= Étienne-François de Cillart de Villeneuve =

French aristocrat and Navy officer

Étienne-François de Cillart de Villeneuve was a French aristocrat and Navy officer, brother to Armand-François Cillart de Surville and Jean-Marie de Villeneuve Cillart.

== Career ==
Cillart joined the Navy as a Garde-Marine on 19 March 1756. He was promoted to Ensign on 2 March 1762, to Lieutenant on 1 October 1773, and to Captain on 9 May 1781.

In October 1781, Cillart was in command of the frigate Bellone, escorting the transports Neker and Sévère off Cape of Good Hope. The squadron encountered the 50-gun HMS Hannibal, which captured the transports and brought them to Saint Helena. Bellone sailed on to Isle de France and reinforced the French squadron under Rear-Admiral Thomas d'Estienne d'Orves.

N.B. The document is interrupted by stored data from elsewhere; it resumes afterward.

(* Let $X,Y\subseteq\mathbb{P}^n$ be real closed subschemes such that $X\cap Y=\operatorname{Span}(X)\cap\operatorname{Span}(Y)$. Let $f\in\mathbb{R}[X\cup Y]_2$ and suppose that the restrictions $f|_X\in\mathbb{R}[X]_2$ and $f|_Y\in\mathbb{R}[Y]_2$ are each a sum of at most $r$ squares of linear forms in $\mathbb{R}[X]$ and $\mathbb{R}[Y]$ respectively. Then $f$ is a sum of at most $r$ squares of linear forms in $\mathbb{R}[X\cup Y]$.
   Context: For a subscheme $Z\subseteq\mathbb{P}^n$ with homogeneous ideal $I(Z)\subseteq\mathbb{R}[x_0,\dots,x_n]$, $\mathbb{R}[Z]=\mathbb{R}[x_0,\dots,x_n]/I(Z)$; $X\cup Y$ is defined by $I(X)\cap I(Y)$, and restriction maps $\mathbb{R}[X\cup Y]\to\mathbb{R}[X]$, $\mathbb{R}[X\cup Y]\to\mathbb{R}[Y]$ are the natural quotient maps. $\operatorname{Span}(Z)$ is the smallest projective linear subspace containing $Z$. *)

From HB Require Import structures.
From mathcomp Require Import all_boot all_order all_algebra.
Set Implicit Arguments. Unset Strict Implicit. Unset Printing Implicit Defensive.
Import Order.TTheory GRing.Theory Num.Theory.
Local Open Scope ring_scope.

Section MPoly.
Variable R : rcfType.

(* mpoly n = R[x_1, ..., x_n], built as iterated univariate polynomials:
   mpoly 0 = R, mpoly (k+1) = (mpoly k)[x_{k+1}]. *)
Fixpoint mpoly (n : nat) : comNzRingType :=
  match n with
  | 0%N => R
  | k.+1 => ({poly mpoly k} : comNzRingType)
  end.

(* homog n d f : f is homogeneous of total degree d (0 is homogeneous of
   every degree). *)
Fixpoint homog (n : nat) : nat -> mpoly n -> bool :=
  match n return nat -> mpoly n -> bool with
  | 0%N => fun d c => (d == 0%N) || (c == 0)
  | k.+1 => fun d (p : {poly mpoly k}) =>
      [forall i : 'I_(size p),
         if (i <= d)%N then homog (d - i) p`_i else p`_i == 0]
  end.

Variable n : nat.
Local Notation S := (mpoly n).

Definition is_ideal (I : S -> Prop) : Prop :=
  [/\ I 0, (forall a b, I a -> I b -> I (a + b)) & (forall a b, I b -> I (a * b))].

Definition is_homog_ideal (I : S -> Prop) : Prop :=
  is_ideal I /\
  forall f, I f -> exists (N : nat) (g : nat -> S),
      f = \sum_(d < N) g d /\ forall d, (d < N)%N -> homog d (g d) /\ I (g d).

(* saturation (J : m^oo) with respect to the irrelevant ideal m = (x_1..x_n):
   f is in it iff m^k f is contained in J for some k, i.e. g f \in J for all
   forms g of degree k. *)
Definition saturation (J : S -> Prop) (f : S) : Prop :=
  exists k : nat, forall g, homog k g -> J (g * f).

Definition is_saturated (J : S -> Prop) : Prop :=
  forall f, saturation J f -> J f.

(* ideal of a closed subscheme of P^(n-1): a saturated homogeneous ideal *)
Definition is_scheme_ideal (I : S -> Prop) : Prop :=
  is_homog_ideal I /\ is_saturated I.

Definition ideal_sum (I J : S -> Prop) (f : S) : Prop :=
  exists a b, [/\ I a, J b & f = a + b].

Definition ideal_gen (L : S -> Prop) (f : S) : Prop :=
  exists (m : nat) (a b : 'I_m -> S),
    (forall j, L (b j)) /\ f = \sum_(j < m) a j * b j.

(* ideal of Span(Z): generated by the linear forms in I(Z) *)
Definition span_ideal (I : S -> Prop) : S -> Prop :=
  ideal_gen (fun l => I l /\ homog 1 l).

(* ideal of Span(X) cap Span(Y) *)
Definition span_cap_ideal (I J : S -> Prop) : S -> Prop :=
  ideal_gen (fun l => (I l \/ J l) /\ homog 1 l).

(* the class of q in R[Z] = S/I(Z) is a sum of at most r squares of
   linear forms of R[Z] *)
Definition sos_linear_mod (I : S -> Prop) (r : nat) (q : S) : Prop :=
  exists l : 'I_r -> S,
    (forall i, homog 1 (l i)) /\ I (q - \sum_(i < r) l i ^+ 2).

End MPoly.

From HB Require Import structures.
From mathcomp Require Import all_boot all_order all_algebra.
From mathcomp Require Import ring zify.
From Stdlib Require Import Classical.
Import Order.TTheory GRing.Theory Num.Theory.
Set Implicit Arguments. Unset Strict Implicit. Unset Printing Implicit Defensive.
Local Open Scope ring_scope.

(* Write f|_X = sum_i l_i^2 and f|_Y = sum_i m_i^2, with coefficient matrices Lam
   and Mu.  At every point x of Span(X) cap Span(Y) = X cap Y both sums compute f,
   so |Lam x| = |Mu x| there; by polarization and Witt's theorem some orthogonal O
   has Lam x = O Mu x on that subspace.  Each row of Lam - O Mu is then a linear form
   vanishing on Span(X) cap Span(Y), hence a sum a_i + b_i of forms vanishing on
   Span(X) and on Span(Y).  The forms h_i = l_i - a_i = (O m)_i + b_i give
   sum h_i^2 = sum l_i^2 on X and sum h_i^2 = sum (O m)_i^2 = sum m_i^2 on Y. *)

Section Coordinates.
Variable R : rcfType.

(* The variable of index [k] is sent to [v k]. *)
Fixpoint meval (m : nat) (v : nat -> R) : {rmorphism mpoly R m -> R} :=
  match m return {rmorphism mpoly R m -> R} with
  | 0%N => idfun
  | k.+1 => horner_morph (fun a => mulrC (v k) (meval k v a))
  end.

Fixpoint mpolyC (m : nat) : {rmorphism R -> mpoly R m} :=
  match m return {rmorphism R -> mpoly R m} with
  | 0%N => idfun
  | k.+1 => (polyC \o mpolyC k)%FUN
  end.

(* The variable of index [j]; junk value [0] when [m <= j]. *)
Fixpoint mvar (m : nat) : nat -> mpoly R m :=
  match m return nat -> mpoly R m with
  | 0%N => fun _ => 0
  | k.+1 => fun j => if j == k then 'X else (mvar k j)%:P
  end.

Definition linform m (c : nat -> R) : mpoly R m :=
  \sum_(j < m) mpolyC m (c j) * mvar m j.

Lemma mevalS k v (p : mpoly R k.+1) : meval k.+1 v p = (map_poly (meval k v) p).[v k].
Proof. by []. Qed.

Lemma meval_mpolyC m v a : meval m v (mpolyC m a) = a.
Proof. by elim: m => [//|k IH]; rewrite mevalS /= map_polyC hornerC. Qed.

Lemma meval_mvar m v j : (j < m)%N -> meval m v (mvar m j) = v j.
Proof.
elim: m => [//|k IH] ltjk; rewrite mevalS /=.
have [->|neq_jk] := eqVneq j k; first by rewrite map_polyX hornerX.
by rewrite map_polyC hornerC; apply: IH; rewrite ltn_neqAle neq_jk -ltnS.
Qed.

Lemma meval_linform m v c : meval m v (linform m c) = \sum_(j < m) c j * v j.
Proof.
rewrite rmorph_sum; apply: eq_bigr => j _.
by rewrite rmorphM meval_mpolyC meval_mvar.
Qed.

Lemma linformS k c : linform k.+1 c = (linform k c)%:P + (mpolyC k (c k))%:P * 'X.
Proof.
rewrite /linform big_ord_recr /= eqxx rmorph_sum; congr (_ + _).
by apply: eq_bigr => j _; rewrite (ltn_eqF (ltn_ord j)) rmorphM.
Qed.

Lemma homog0 m d : homog d (0 : mpoly R m).
Proof.
case: m => [|k] /=; first by rewrite eqxx orbT.
by apply/forallP => -[i]; rewrite size_poly0.
Qed.

Lemma homogP k d (p : mpoly R k.+1) :
  reflect (forall i, if (i <= d)%N then homog (d - i) p`_i else p`_i == 0) (homog d p).
Proof.
apply: (iffP forallP) => [hp i|hp i]; last exact: hp.
have [lti|] := ltnP i (size p); first exact: (hp (Ordinal lti)).
by move=> /(nth_default 0) ->; case: ifP => // _; apply: homog0.
Qed.

Lemma homog_polyC k d (c : mpoly R k) : homog d c -> homog d (c%:P : mpoly R k.+1).
Proof.
move=> hc; apply/homogP => -[|i]; rewrite coefC /= ?subn0 //.
by case: ifP => _ //; apply: homog0.
Qed.

Lemma homog_mpolyC m a : homog 0 (mpolyC m a).
Proof. by elim: m => [//|k IH]; apply: homog_polyC. Qed.

Lemma homog0P m (c : mpoly R m) : homog 0 c -> exists a, c = mpolyC m a.
Proof.
elim: m c => [|k IH] c; first by exists c.
move/homogP => hc; have [a eq_c0] := IH _ (hc 0%N); exists a.
apply/polyP => -[|i]; rewrite /= coefC -?eq_c0 //.
exact/eqP/(hc i.+1).
Qed.

Lemma homog_mvarX m j e : (j < m)%N -> homog e (mvar m j ^+ e).
Proof.
elim: m => [//|k IH] ltjk /=.
have [_|neq_jk] := eqVneq j k; last first.
  by rewrite -rmorphXn; apply/homog_polyC/IH; rewrite ltn_neqAle neq_jk -ltnS.
apply/homogP => i; rewrite coefXn.
case: ltngtP => [|//|->]; first by move=> _; apply: homog0.
by rewrite subnn -(rmorph1 (mpolyC k)) homog_mpolyC.
Qed.

Lemma homog_linform m c : homog 1 (linform m c).
Proof.
elim: m => [|k IH]; first by rewrite /linform big_ord0 homog0.
apply/homogP; rewrite linformS => -[|[|i]];
  by rewrite coefD coefC coefMX coefC /= ?addr0 ?add0r ?homog_mpolyC.
Qed.

Lemma homog1P m (l : mpoly R m) : homog 1 l -> exists c, l = linform m c.
Proof.
elim: m l => [|k IH] l.
  by move=> /= /eqP ->; exists (fun _ => 0); rewrite /linform big_ord0.
move/homogP => hl.
have [c0 eq_l0] := IH _ (hl 0%N).
have [a eq_l1] := homog0P (hl 1%N).
exists (fun j => if j == k then a else c0 j); rewrite linformS eqxx.
have -> : linform k (fun j => if j == k then a else c0 j) = linform k c0.
  by apply: eq_bigr => j _; rewrite (ltn_eqF (ltn_ord j)).
apply/polyP => -[|[|i]]; rewrite coefD coefC coefMX coefC /= ?addr0 ?add0r //.
exact/eqP/(hl i.+2).
Qed.
End Coordinates.

Arguments mpolyC {R} m.
Arguments mvar {R} m j.

Section InnerProduct.
Variable R : rcfType.

Definition dot r (u v : 'rV[R]_r) : R := (u *m v^T) 0 0.

Lemma dotE r (u v : 'rV[R]_r) : dot u v = \sum_j u 0 j * v 0 j.
Proof. by rewrite /dot mxE; apply: eq_bigr => j _; rewrite mxE. Qed.

Lemma mul_rV_trmx r (u v : 'rV[R]_r) : u *m v^T = (dot u v)%:M.
Proof. exact: mx11_scalar. Qed.

Lemma dotC r (u v : 'rV[R]_r) : dot u v = dot v u.
Proof. by rewrite !dotE; apply: eq_bigr => j _; rewrite mulrC. Qed.

Lemma dotDl r (u v w : 'rV[R]_r) : dot (u + v) w = dot u w + dot v w.
Proof. by rewrite !dotE -big_split; apply: eq_bigr => j _; rewrite !mxE mulrDl. Qed.

Lemma dotBl r (u v w : 'rV[R]_r) : dot (u - v) w = dot u w - dot v w.
Proof. by rewrite !dotE -sumrB; apply: eq_bigr => j _; rewrite !mxE mulrBl. Qed.

Lemma dotZl r a (u w : 'rV[R]_r) : dot (a *: u) w = a * dot u w.
Proof. by rewrite !dotE mulr_sumr; apply: eq_bigr => j _; rewrite !mxE mulrA. Qed.
(* Let $V$ be an $\mathbb{N}$-graded vertex algebra. For an $A(V)$-module map $f:M_1\to M_2$, the map $\mathrm{id}\otimes f:T(V[t,t^{-1}])\otimes M_1\to T(V[t,t^{-1}])\otimes M_2$ induces a well-defined linear map $S(f):S(M_1)\to S(M_2)$, which is a map of $V$-modules. The correspondence sending an $A(V)$-module $M$ to the $\mathbb{N}$-gradable weak $V$-module $(S(M),Y_{S(M)})$ and an $A(V)$-module map $f$ to $S(f)$ is a functor from the category of $A(V)$-modules to the category of $\mathbb{N}$-gradable weak $V$-modules.
   Context: An $\mathbb{N}$-graded vertex algebra is a vertex algebra $(V,Y,\mathbf{1})$ with $V=\coprod_{n\in\mathbb{Z}}V_{(n)}$, $V_{(n)}=0$ for $n<0$, and $[d,Y(u,x)]=x\frac{d}{dx}Y(u,x)+Y(du,x)$ where $du=nu$ for $u\in V_{(n)}$; write $\mathrm{wt}\,u=n$ for $u\in V_{(n)}$, $Y(u,x)=\sum_nu_nx^{-n-1}$, and $L(0)=d$, so $x^{L(0)}u=x^{\mathrm{wt}\,u}u$ for homogeneous $u$. An $\mathbb{N}$-gradable weak $V$-module is a module $W=\coprod_{n\in\mathbb{N}}W_{(n)}$ for the vertex algebra $V$ such that for $u\in V_{(m)}$, $u_n=\mathrm{Res}_xx^nY_W(u,x)$ maps $W_{(j)}$ to $W_{(j+m-n-1)}$; morphisms are linear maps commuting with vertex operators. Zhu's algebra: $O(V)$ is the span of $\mathrm{Res}_xx^nY((x+1)^{L(0)}u,x)v$ for $u,v\in V$, $n\le-2$; $A(V)=V/O(V)$ with the associative product $u*v=\mathrm{Res}_xx^{-1}Y((x+1)^{L(0)}u,x)v$. Construction of $S(M)$ for an $A(V)$-module $M$ with representation $\rho$: in $V[t,t^{-1}]=V\otimes\mathbb{C}[t,t^{-1}]$ write $u(m)=u\otimes t^m$; let $T(V[t,t^{-1}])$ be its tensor algebra and consider the left module $T(V[t,t^{-1}])\otimes M$, spanned by $u_1(m_1)\cdots u_r(m_r)w$ ($w\in M$) of degree $\sum_i(\mathrm{wt}\,u_i-m_i-1)$ for homogeneous $u_i$. Put $Y_t(u,x)=\sum_mu(m)x^{-m-1}$, $o_t(u)=u(\mathrm{wt}\,u-1)$ for homogeneous $u$. Let $\mathcal{I}$ be the $T(V[t,t^{-1}])$-submodule generated by: (1) $u(m)w$ for homogeneous $u$ and homogeneous $w\in T(V[t,t^{-1}])\otimes M$ with $\mathrm{wt}\,u-m-1+\deg w<0$; (2) $o_t(u)w-\rho(u+O(V))w$ for $u\in V$, $w\in M$; (3) $u(p)v(q)w-\sum_{i=0}^{\mathrm{wt}\,v+\deg w-q-1}\sum_{j=0}^{\mathrm{wt}\,u+\deg w}\binom{p-\mathrm{wt}\,u-\deg w}{i}\binom{\mathrm{wt}\,u+\deg w}{j}(u_{p-\mathrm{wt}\,u-\deg w-i+j}v)(q+\mathrm{wt}\,u+\deg w+i-j)w$ for homogeneous $u,v$, homogeneous $w$, $p,q\in\mathbb{Z}$ with $\mathrm{wt}\,v+\deg w>q$ and $\mathrm{wt}\,u-p-1+\mathrm{wt}\,v-q-1+\deg w\ge0$. Let $S_1(M)=(T(V[t,t^{-1}])\otimes M)/\mathcal{I}$ with $Y_{S_1(M)}$ induced by $Y_t$. Let $\mathcal{J}$ be the $T(V[t,t^{-1}])$-submodule of $S_1(M)$ generated by $\sum_{j=0}^{\mathrm{wt}\,u+\deg w}\binom{\mathrm{wt}\,u+\deg w}{j}(u_{p-i-j}v)(q+i+j)w$ (i.e. $\mathrm{Res}_{x_0}\mathrm{Res}_{x_2}x_0^{p-\mathrm{wt}\,u-\deg w-i}x_2^{q+i}(x_0+x_2)^{\mathrm{wt}\,u+\deg w}Y_{S_1(M)}(Y(u,x_0)v,x_2)w$) for homogeneous $u,v\in V$, homogeneous $w\in S_1(M)$, $p,q\in\mathbb{Z}$, integers $i\ge\mathrm{wt}\,v+\deg w-q$. Then $S(M)=S_1(M)/\mathcal{J}$ with $Y_{S(M)}$ induced by $Y_t$; it is an $\mathbb{N}$-gradable weak $V$-module. *)

From mathcomp Require Import all_boot all_algebra.
From mathcomp Require Import reals.
From mathcomp Require Import complex.
Set Implicit Arguments.
Unset Strict Implicit.
Unset Printing Implicit Defensive.
Import GRing.Theory Num.Theory.
Local Open Scope ring_scope.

On 9 February 1782, Estienne d'Orves and Suffren assumed command of the squadron. He re-appointed his captains and promoted Cillart to the command of the 64-gun Sévère, while Jean André de Pas de Beaulieu took command of Bellone.

Cillart commanded Sévère at the Battle of Sadras on 17 February 1782 and at the Battle of Providien on 12 April 1782.

At the Battle of Negapatam, on 6 July 1782, Sévère was opposed to HMS Sultan. At the opening of the battle, First Officer Chevalier de la Salle (capitaine de brûlot) was wounded and had to be carried below, and Manoeuver officer De Gênes had a leg shot off. Seeing this, Villeneuve-Cillart panicked and attempted to struck his colours. Junior officers Dieu and Kerlero de Rosbo refused to accept to surrender and resumed their fire, raking Sultan, and forcing Cillart to rehoist his flag. (Note: When known in France, the anecdote yielded the pun that "Villeneuve-Cilart wanted to surrender, but "God" (Dieu, the name of the insubordinate officer) would not allow it". Dieu would be killed on Sévère at the Battle of Cuddalore on 20 June 1783.)

The day after the battle, HMS Rodney joined up as cartel with Héros, carrying Captain James Watt of HMS Sultan with a letter from Hughes demanding that Suffren hand over Sévère after her surrender. Suffren answered that he was unaware that Sévère had surrendered and promised to launch an investigation, and also warned that without orders from his government he was not at liberty to give away his ships. In the evening, Suffren was fully appraised of Cillart's conduct, and had him brought on his flagship Héros. He relieved him of duty on the spot and sent him back to Isle de France (Mauritius) and from there to France, to be court-martialed.

Rather to stand trial, Cillart escaped on a neutral ship and went in exile. Suffren also relieved of duty captains Bidé de Maurville of Artésien and Forbin of Vengeur, and sent several other officers to Isle de France.